Christopher C. Rich, Kathryn A. Lindberg, Amber T. Krummel

Research output: Contribution to journalArticlepeer-review

15 Scopus citations

Abstract

We show how heterodyne-detected vibrational sum frequency generation (HD-VSFG) spectroscopy can discriminate between the excitonic and monomeric properties of a helical, nanotube molecular aggregate by monitoring the phase of the VSFG emission associated with different polarization configurations. By keeping track of the "phase acrobatics" associated with the added phase of the nonresonant SFG emission of gold as well as that of the double-resonance conditions achieved when the SF frequency is resonant with an electronic exciton transition, we discover that for aggregates of tetra(sulfonatophenyl)porphyrin (TSPP) the PPP-polarized spectra exhibit double-resonance conditions while SSP-polarized spectra exhibit resonance only with the ground-state vibration. Along with observed shifts in the vibrational frequency, intensity differences, and sign flips in the imaginary second-order susceptibility, χs,Im(2), we conclude that PPP-polarized HD-VSFG spectra reflect the delocalized, excitonic nature of the molecular aggregate, while the SSP-polarized HD-VSFG spectra measure the localized, monomeric nature of the molecular subunits.
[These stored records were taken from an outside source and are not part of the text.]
Lemma is_dualP N n (F G : fseq R N n) :
  is_dual F G <-> \sum_i F i *m adj (G i) = 1%:M.
Proof.
split=> [dualFG|FG1 f]; last by rewrite dual_sumE FG1 mul1mx.
apply/matrixP => a b; have /(congr1 (fun v : 'cV[C]_n => v a 0)) := dualFG (delta_mx b 0).
by rewrite dual_sumE -colE !mxE andbT => <-.
Qed.

Lemma sum_inner_dual N n (F G : fseq R N n) :
  is_dual F G -> \sum_i inner (F i) (G i) = n%:R.
Proof.
move/is_dualP/(congr1 mxtrace); rewrite mxtrace1 raddf_sum /= => <-.
by apply: eq_bigr => i _; rewrite mxtrace_mul_adj.
Qed.

Lemma dual_sum_vnormM_ge N n (F G : fseq R N n) :
  is_dual F G -> n%:R <= \sum_i vnorm (F i) * vnorm (G i).
Proof.
move/sum_inner_dual => sumFG.
have <- : complex.Re (n%:R : C) = n%:R by rewrite -(rmorph_nat (real_complex R)).
by rewrite -sumFG raddf_sum; apply: ler_sum => i _; apply: Re_inner_le.
Qed.

Lemma eps1_FG_ge N n (F G : fseq R N n) : is_dual F G -> n%:R / N%:R <= eps_FG 1 F G.
Proof. by move/dual_sum_vnormM_ge; rewrite eps1_FGE; apply: mean_le_bigmax. Qed.

Lemma eps1_FG_eqP N n (F G : fseq R N n) : is_dual F G ->
  eps_FG 1 F G = n%:R / N%:R <-> forall i, vnorm (F i) * vnorm (G i) = n%:R / N%:R.
Proof.
move=> dualFG; split; first by rewrite eps1_FGE; apply/bigmax_eq_mean/dual_sum_vnormM_ge.
move=> prodE; apply/le_anti; rewrite eps1_FG_ge // andbT eps1_FGE.
by apply: bigmax_le => [|i _]; rewrite ?prodE // divr_ge0.
Qed.

Lemma frame_op_quad N n (F : fseq R N n) f :
  (\sum_i Normc.normc (inner f (F i)) ^+ 2)%:C = inner (frame_op F *m f) f.
Proof.
rewrite -dual_sumE inner_suml rmorph_sum; apply: eq_bigr => i _.
by rewrite /= normc_sqrE innerZl -innerC.
Qed.

Lemma parseval_dual_pair N n (F : fseq R N n) : frame_op F = 1%:M -> dual_pair F F.
Proof.
move=> F1; split; last exact/is_dualP.
exists 1, 1; split; first exact: ltr01; split=> // f.
have -> : \sum_i Normc.normc (inner f (F i)) ^+ 2 = vnorm f ^+ 2.
  by apply: complexI; rewrite frame_op_quad F1 mul1mx inner_selfE.
by rewrite mul1r lexx.
Qed.

Section HarmonicFrame.
Variables (N n : nat) (w : C).
Hypothesis w_prim : N.-primitive_root w.

Definition harmonic_frame : fseq R N n :=
  fun j => (Num.sqrt N%:R^-1)%:C *: \col_(k < n) w ^+ (j * k).

Let N_gt0 : (0 < N)%N := prim_order_gt0 w_prim.

Let w_neq0 : w != 0.
Proof. by rewrite (prim_root_eq0 w_prim) -lt0n. Qed.

Let conjc_w : conjc w = w^-1.
Proof.
apply: (mulfI w_neq0); rewrite mulfV // -sqr_normc.
by rewrite (unity_root_norm N_gt0 (prim_expr_order w_prim)) expr1n.
Qed.

Lemma harmonic_frame_vnorm j : vnorm (harmonic_frame j) ^+ 2 = n%:R / N%:R.
Proof.
apply: complexI; rewrite -inner_selfE innerZl innerZr conjc_real mulrA -rmorphM.
rewrite -expr2 sqr_sqrtr ?invr_ge0 ?ler0n // /inner (eq_bigr (fun=> 1)) => [|k _].
  by rewrite sumr_const card_ord /= -(rmorph_nat (real_complex R)) -rmorphM mulrC.
by rewrite !mxE rmorphXn /= conjc_w -exprMn mulfV ?expr1n.
Qed.

Lemma harmonic_frame_parseval : (n <= N)%N -> frame_op harmonic_frame = 1%:M.
Proof.
move=> n_le_N; apply/matrixP => k l; rewrite summxE.
pose z := w ^+ k / w ^+ l.
have entry j : (harmonic_frame j *m adj (harmonic_frame j)) k l = (N%:R^-1)%:C * z ^+ j.
  rewrite !mxE big_ord1 !mxE rmorphM rmorphXn /= oppr0 complexr0 conjc_w.
  rewrite mulrACA -rmorphM -expr2 sqr_sqrtr ?invr_ge0 ?ler0n //; congr (_ * _).
  by rewrite /z exprMn !exprVn -!exprM mulnC [(l * j)%N]mulnC.
rewrite (eq_bigr _ (fun j _ => entry j)) -mulr_sumr !mxE.
have [kl|k_neq_l] := eqVneq k l.
  have z1 : z = 1 by rewrite /z kl divff // expf_neq0.
  rewrite z1 (eq_bigr (fun=> 1)) => [|j _]; last by rewrite expr1n.
  by rewrite sumr_const card_ord -(rmorph_nat (real_complex R)) -rmorphM mulVf ?pnatr_eq0 -?lt0n.
have z_neq1 : z != 1.
  apply: contra k_neq_l => /eqP z1; rewrite -(inj_eq val_inj) /=.
  have : w ^+ k == w ^+ l by rewrite -(divfK (expf_neq0 l w_neq0) (w ^+ k)) -/z z1 mul1r.
  by rewrite (eq_prim_root_expr w_prim) !modn_small // (leq_trans _ n_le_N).
have zN : z ^+ N = 1.
  by rewrite exprMn exprVn -!exprM !(mulnC _ N) !exprM (prim_expr_order w_prim) !expr1n invr1 mulr1.
by rewrite sum_expr_unity_root // mulr0.
Qed.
It is implied from this study that HD-VSFG spectroscopy can be uniquely utilized to measure the excitonic and monomeric properties associated with molecular assemblies for a single sample.

Original languageEnglish (US)
Pages (from-to)1331-1337
Number of pages7
JournalJournal of Physical Chemistry Letters
Volume8
Issue number7
DOIs
StatePublished - Apr 6 2017

Bibliographical note

Publisher Copyright:
© 2017 American Chemical Society.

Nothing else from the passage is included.